* REQUIREMENT *
State how many lines in the records below contain the string "comPzRingType", and give nothing besides that number.

* DATA SHOWN *
(* Let $\mathbb{X}$ be a discrete group with identity $\circ$, let $\mu$ be a finitely supported probability measure on $\mathbb{X}$ satisfying (A1) $\mu(xzx^{-1})=\mu(z)$ for all $x,z\in\mathbb{X}$ and (A2) $\mu(z)=\mu(z^{-1})$ for all $z\in\mathbb{X}$, and let $(X_t)_{t\ge0}$ be the continuous-time Markov chain on $\mathbb{X}$ started at $X_0=\circ$ with generator $(Lf)(x)=\sum_{z\in\mathbb{X}}\mu(z)(f(xz)-f(x))$. Fix a function $f\colon\mathbb{X}\to\mathbb{R}$ and a time $t\ge 0$. If $\mathbb{E}[\Gamma f(X_t)]<\infty$, then $\mathbb{E}[f^2(X_t)]<\infty$ and $$\mathrm{Var}[f(X_t)]\le 2t\,\mathbb{E}[\Gamma f(X_t)].$$
   Context: Here $\Gamma f(x):=\frac12\sum_{z\in\mathbb{X}}\mu(z)\left(f(xz)-f(x)\right)^2$ (the carré du champ $\Gamma(f)=\frac12[L(f^2)-2fLf]$ of $L$, extended to arbitrary, possibly unbounded, $f$ by this formula). *)

From HB Require Import structures.
From mathcomp Require Import all_boot all_order all_algebra.
From mathcomp Require Import all_classical all_reals all_analysis.
From Stdlib Require List.
Set Implicit Arguments. Unset Strict Implicit. Unset Printing Implicit Defensive.
Import Order.TTheory GRing.Theory Num.Theory.
Local Open Scope ring_scope.

Record is_group (G : Type) (mul : G -> G -> G) (one : G) (inv : G -> G) : Prop := {
  grp_assoc : forall x y z, mul x (mul y z) = mul (mul x y) z;
  grp_mul1 : forall x, mul one x = x;
  grp_mul1r : forall x, mul x one = x;
  grp_mulV : forall x, mul (inv x) x = one;
  grp_mulVr : forall x, mul x (inv x) = one }.

Section Chain.
Variables (R : realType) (G : Type) (mul : G -> G -> G) (one : G) (mu : G -> R)
  (s : seq G) (* a finite list containing the support of mu *).

Definition Gamma (f : G -> R) (x : G) : R :=
  2^-1 * \sum_(z <- s) mu z * (f (mul x z) - f x) ^+ 2.

Fixpoint Kpow (n : nat) (g : G -> \bar R) (x : G) : \bar R :=
  match n with
  | O => g x
  | n'.+1 => (\sum_(z <- s) (mu z)%:E * Kpow n' g (mul x z))%E
  end.

(* Markov semigroup P_t = e^{tL} = sum_n e^{-t} t^n/n! K^n  (L = K - I), applied
   to a nonnegative function: this is E_x[g(X_t)] in [0, +oo]. *)
Definition Pt (t : R) (g : G -> \bar R) (x : G) : \bar R :=
  (\sum_(0 <= n <oo) ((expR (- t) * t ^+ n / (n`!)%:R)%:E * Kpow n g x))%E.

Definition Enn (t : R) (g : G -> R) : \bar R := Pt t (fun x => (g x)%:E) one.

Definition Esgn (t : R) (f : G -> R) : R :=
  fine (Enn t (fun x => Num.max (f x) 0)) - fine (Enn t (fun x => Num.max (- f x) 0)).

Definition Var (t : R) (f : G -> R) : R :=
  fine (Enn t (fun x => (f x - Esgn t f) ^+ 2)).

End Chain.

From mathcomp Require Import all_boot all_order all_algebra.
From mathcomp Require Import all_classical all_reals all_analysis.
From Stdlib Require List.
From mathcomp Require Import ring lra.
From Stdlib Require Permutation FinFun.
Import Order.TTheory GRing.Theory Num.Theory.
Import numFieldNormedType.Exports.
Local Open Scope ring_scope.
Local Open Scope classical_set_scope.

(* X_t is the discrete walk S_n (kernel K g x = sum_z mu(z) g(xz)) observed at an
   independent Poisson(t) time N. Conditioning on N splits Var f(X_t) into
   E[Var f(S_N)] + Var b(N), where b n = E f(S_n).
   Conjugation invariance of mu gives Gamma (K g) <= K (Gamma g); iterating the one-step
   identity K(g^2) - (K g)^2 = 2 Gamma g - (K g - g)^2 then yields
   Var f(S_(n+1)) <= (n+1) (2 E Gamma f(S_n) - (b (n+1) - b n)^2).
   The Poisson Poincare inequality Var b(N) <= t E[(b (N+1) - b N)^2] bounds the second
   term, and since (n+1) p_(n+1) = t p_n for the Poisson weights, the two
   (b (n+1) - b n)^2 contributions cancel, leaving 2 t E Gamma f(X_t). *)

Section ListSums.
Variables (R : nmodType) (T : Type).

Lemma big_Permutation (F : T -> R) (l1 l2 : seq T) :
  Permutation.Permutation l1 l2 -> \sum_(z <- l1) F z = \sum_(z <- l2) F z.
Proof.
elim=> [//|x l l' _ IH|x y l|l l' l'' _ IH1 _ IH2]; rewrite ?big_cons.
- by rewrite IH.
- by rewrite addrCA.
- by rewrite IH1.
Qed.

Lemma big_NoDup_support (F : T -> R) (l1 l2 : seq T) :
  List.NoDup l1 -> List.NoDup l2 ->
  (forall v, F v != 0 -> List.In v l1 /\ List.In v l2) ->
  \sum_(z <- l1) F z = \sum_(z <- l2) F z.
Proof.
move=> l1_uniq l2_uniq supp; pose nz z := F z != 0.
have drop0 l : \sum_(z <- l) F z = \sum_(z <- List.filter nz l) F z.
  by rewrite [RHS]big_filter [LHS](bigID nz) /= [X in _ + X]big1 ?addr0 // => z /negPn/eqP.
rewrite drop0 [RHS]drop0; apply/big_Permutation/Permutation.NoDup_Permutation;
  try exact: List.NoDup_filter.
by move=> z; rewrite !List.filter_In; split=> -[_ nzz]; split=> //; have [] := supp z nzz.
Qed.
End ListSums.

Lemma double_sum_sym (R : comPzRingType) (F : nat -> nat -> R) N :
  (forall i j, F i j = F j i) -> (forall i, F i i = 0) ->
  \sum_(0 <= i < N) \sum_(0 <= j < N) F i j =
  2 * \sum_(0 <= j < N) \sum_(0 <= i < j) F i j.
Proof.
move=> Fsym F0; elim: N => [|N IH]; first by rewrite !big_geq // mulr0.
rewrite !big_nat_recr //= F0 addr0.
under eq_bigr do rewrite big_nat_recr //=.
rewrite big_split /= IH.
have -> : \sum_(0 <= j < N) F N j = \sum_(0 <= i < N) F i N by apply: eq_bigr => i _; rewrite Fsym.
ring.
Qed.

Lemma sqr_sum_le (R : realFieldType) (I : Type) (r : seq I) (x : I -> R) :
  (\sum_(i <- r) x i) ^+ 2 <= (size r)%:R * \sum_(i <- r) x i ^+ 2.
Proof.
elim: r => [|y r IH]; first by rewrite !big_nil expr0n mul0r.
case: r IH => [|z r] IH; first by rewrite !big_seq1 mul1r.
rewrite !big_cons in IH *; rewrite [size _]/= -natr1.
set S := x z + _ in IH *; set T := x z ^+ 2 + _ in IH *; set n := _%:R in IH *.
have n_gt0 : 0 < n by rewrite ltr0n.
suff : 0 <= n * ((n + 1) * (x y ^+ 2 + T) - (x y + S) ^+ 2) by rewrite pmulr_rge0 // subr_ge0.
have -> : n * ((n + 1) * (x y ^+ 2 + T) - (x y + S) ^+ 2) =
  (n * x y - S) ^+ 2 + (n + 1) * (n * T - S ^+ 2) by ring.
by apply: addr_ge0; [exact: sqr_ge0 | apply: mulr_ge0; lra].
Qed.

Lemma sqr_sub_le_telescope (R : realFieldType) (b : nat -> R) i j : (i <= j)%N ->
  (b j - b i) ^+ 2 <= (j - i)%:R * \sum_(i <= k < j) (b k.+1 - b k) ^+ 2.
Proof.
move=> ij; rewrite -telescope_sumr // -[in X in X%:R](size_iota i (j - i)).
exact: sqr_sum_le.
Qed.

Lemma sum_mul_sum_tail (R : comPzRingType) (c e : nat -> R) N :
  \sum_(0 <= i < N) c i * \sum_(i <= k < N) e k =
  \sum_(0 <= k < N) e k * \sum_(0 <= i < k.+1) c i.
Proof.
elim: N => [|N IH]; first by rewrite !big_geq.
rewrite big_nat_recr //= [RHS]big_nat_recr //= big_nat1.
rewrite (eq_big_nat _ _ (F2 := fun i => c i * \sum_(i <= k < N) e k + c i * e N)).
  by rewrite big_split /= IH -big_distrl /= big_nat_recr //=; ring.
by move=> i /andP [_ iN]; rewrite big_nat_recr ?mulrDr // ltnW.
Qed.

Definition cross_weight {R : nmodType} (c : nat -> nat -> R) k N :=
  \sum_(k.+1 <= j < N) \sum_(0 <= i < k.+1) c i j.

Lemma sum_interval_exchange (R : comPzRingType) (c : nat -> nat -> R) (e : nat -> R) N :
  \sum_(0 <= j < N) \sum_(0 <= i < j) c i j * \sum_(i <= k < j) e k =
  \sum_(0 <= k < N) e k * cross_weight c k N.
Proof.
elim: N => [|N IH]; first by rewrite !big_geq.
rewrite big_nat_recr //= IH sum_mul_sum_tail big_nat_recr //=.
rewrite /cross_weight [X in _ * X]big_geq // mulr0 addr0 -big_split /=.
apply: eq_big_nat => k /andP [_ kN].
by rewrite (big_nat_recr N k.+1) // mulrDr.
Qed.

(** * The Poisson Poincare inequality *)

Lemma cvg_series_lincomb {R : realType} (u v : nat -> R) (a b lu lv : R) :
  series u @ \oo --> lu -> series v @ \oo --> lv ->
  series (fun n => a * u n + b * v n) @ \oo --> a * lu + b * lv.
Proof.
move=> ulim vlim.
have -> : series (fun n => a * u n + b * v n) = (fun N => a * series u N + b * series v N).
  by apply/funext => N; rewrite /series /= big_split /= -!mulr_sumr.
by apply: cvgD; apply: cvgM => //; exact: cvg_cst.
Qed.

Lemma nneseries_EFin {R : realType} {u : nat -> R} {l : R} : (forall n, 0 <= u n) ->
  series u @ \oo --> l -> (\sum_(n <oo) (u n)%:E = l%:E)%E.
Proof.
move=> u_ge0 ulim; have u_cvg : cvgn (series u) by apply/cvg_ex; exists l.
rewrite -(cvg_lim _ ulim) // -EFin_lim //; apply: congr_lim; apply/funext => n /=.
by rewrite sumEFin.
Qed.

Lemma nneseries_shift {R : realType} (u : nat -> \bar R) : (forall n, 0 <= u n)%E ->
  u 0%N = 0%E -> (\sum_(n <oo) u n = \sum_(n <oo) u n.+1)%E.
Proof.
move=> u_ge0 u0; rewrite nneseries_recl // u0 add0e -nneseries_addn //.
by apply: eq_eseriesr => n _; rewrite addn1.
Qed.

Lemma cvg_series_fine {R : realType} (u : nat -> R) : (forall n, 0 <= u n) ->
  (\sum_(n <oo) (u n)%:E < +oo)%E -> series u @ \oo --> fine (\sum_(n <oo) (u n)%:E)%E.
Proof.
move=> u_ge0 u_fin; have u_cvg := nnseries_is_cvg u_ge0 u_fin.
by rewrite (nneseries_EFin u_ge0 u_cvg).
Qed.

Definition poisson {R : realType} (t : R) n : R := expR (- t) * t ^+ n / n`!%:R.

Section PoissonWeights.
Context {R : realType} {t : R}.
Hypothesis t_ge0 : 0 <= t.

Local Notation p := (poisson t).

Lemma poisson_ge0 n : 0 <= p n.
Proof. by rewrite /poisson !mulr_ge0 ?expR_ge0 ?exprn_ge0 ?invr_ge0. Qed.

Lemma mul_poisson_ge0 n x : 0 <= x -> 0 <= p n * x.
Proof. exact/mulr_ge0/poisson_ge0. Qed.

Lemma poisson0_gt0 : 0 < p 0.
Proof. by rewrite /poisson expr0 mulr1 fact0 invr1 mulr1 expR_gt0. Qed.

Lemma poissonS n : n.+1%:R * p n.+1 = t * p n.
Proof.
rewrite /poisson factS natrM exprS.
have fact_neq0 : n`!%:R != 0 :> R by rewrite pnatr_eq0 -lt0n fact_gt0.
by field; rewrite fact_neq0 nat1r pnatr_eq0.
Qed.

Lemma cvg_series_poisson : series p @ \oo --> (1 : R).
Proof.
have -> : series p = (fun N => expR (- t) * series (exp_coeff t) N).
  apply/funext => N; rewrite /series /= mulr_sumr.
  by apply: eq_bigr => n _; rewrite /poisson /exp_coeff /= mulrA.
have <- : expR (- t) * expR t = 1 by rewrite -expRD addNr expR0.
apply: cvgM; first exact: cvg_cst.
exact: is_cvg_series_exp_coeff.
Qed.

Lemma nneseries_poisson : (\sum_(n <oo) (p n)%:E = 1%:E)%E.
Proof. exact: nneseries_EFin poisson_ge0 cvg_series_poisson. Qed.

Lemma sum_poisson_le1 N : \sum_(0 <= k < N) p k <= 1.
Proof.
rewrite -lee_fin -sumEFin -nneseries_poisson.
by apply: nneseries_lim_ge => n _ _; rewrite lee_fin poisson_ge0.
Qed.

Lemma sum_nat_mul_poisson k :
  \sum_(0 <= i < k.+1) i%:R * p i = t * \sum_(0 <= i < k) p i.
Proof.
elim: k => [|k IH]; first by rewrite big_nat1 big_geq // mul0r mulr0.
by rewrite big_nat_recr //= IH poissonS [in RHS]big_nat_recr //= mulrDr.
Qed.

(* [cross_weight cw k N] truncates sum_(i <= k < j) p_i p_j (j - i), which is t p_k. *)
Let cw i j := p i * p j * (j%:R - i%:R).

Lemma cross_weight_poissonE k m : cross_weight cw k (k.+1 + m) =
  t * (p k * \sum_(0 <= j < k.+1 + m) p j -
       \sum_(0 <= i < k.+1) p i * p (k + m)).
Proof.
elim: m => [|m IH].
  by rewrite /cross_weight addn0 big_geq // addn0 -big_distrl /=; ring.
rewrite /cross_weight addnS big_nat_recr ?leq_addr //= -/(cross_weight cw k (k.+1 + m)) IH.
have -> : \sum_(0 <= i < k.+1) cw i (k.+1 + m) =
    (k.+1 + m)%:R * p (k.+1 + m) * \sum_(0 <= i < k.+1) p i
    - p (k.+1 + m) * \sum_(0 <= i < k.+1) i%:R * p i.
  by rewrite !mulr_sumr -sumrB; apply: eq_bigr => i _; rewrite /cw; ring.
rewrite sum_nat_mul_poisson addSn poissonS addnS -!big_distrl /=.
rewrite (big_nat_recr (k + m).+1) // !(big_nat_recr k 0 p) //=.
ring.
Qed.

Lemma cross_weight_poisson_le k N : (k < N)%N -> cross_weight cw k N <= t * p k.
Proof.
move=> kN; rewrite -(subnKC kN) cross_weight_poissonE.
set S := \sum_(0 <= j < _) p j.
have S_le1 : S <= 1 by apply: sum_poisson_le1.
set T := \sum_(0 <= i < k.+1) _.
have T_ge0 : 0 <= T by apply: sumr_ge0 => i _; rewrite mul_poisson_ge0 ?poisson_ge0.
rewrite ler_wpM2l //; have := ler_wpM2l (poisson_ge0 k) S_le1; lra.
Qed.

* SOLUTION FOR THIS EXERCISE *
3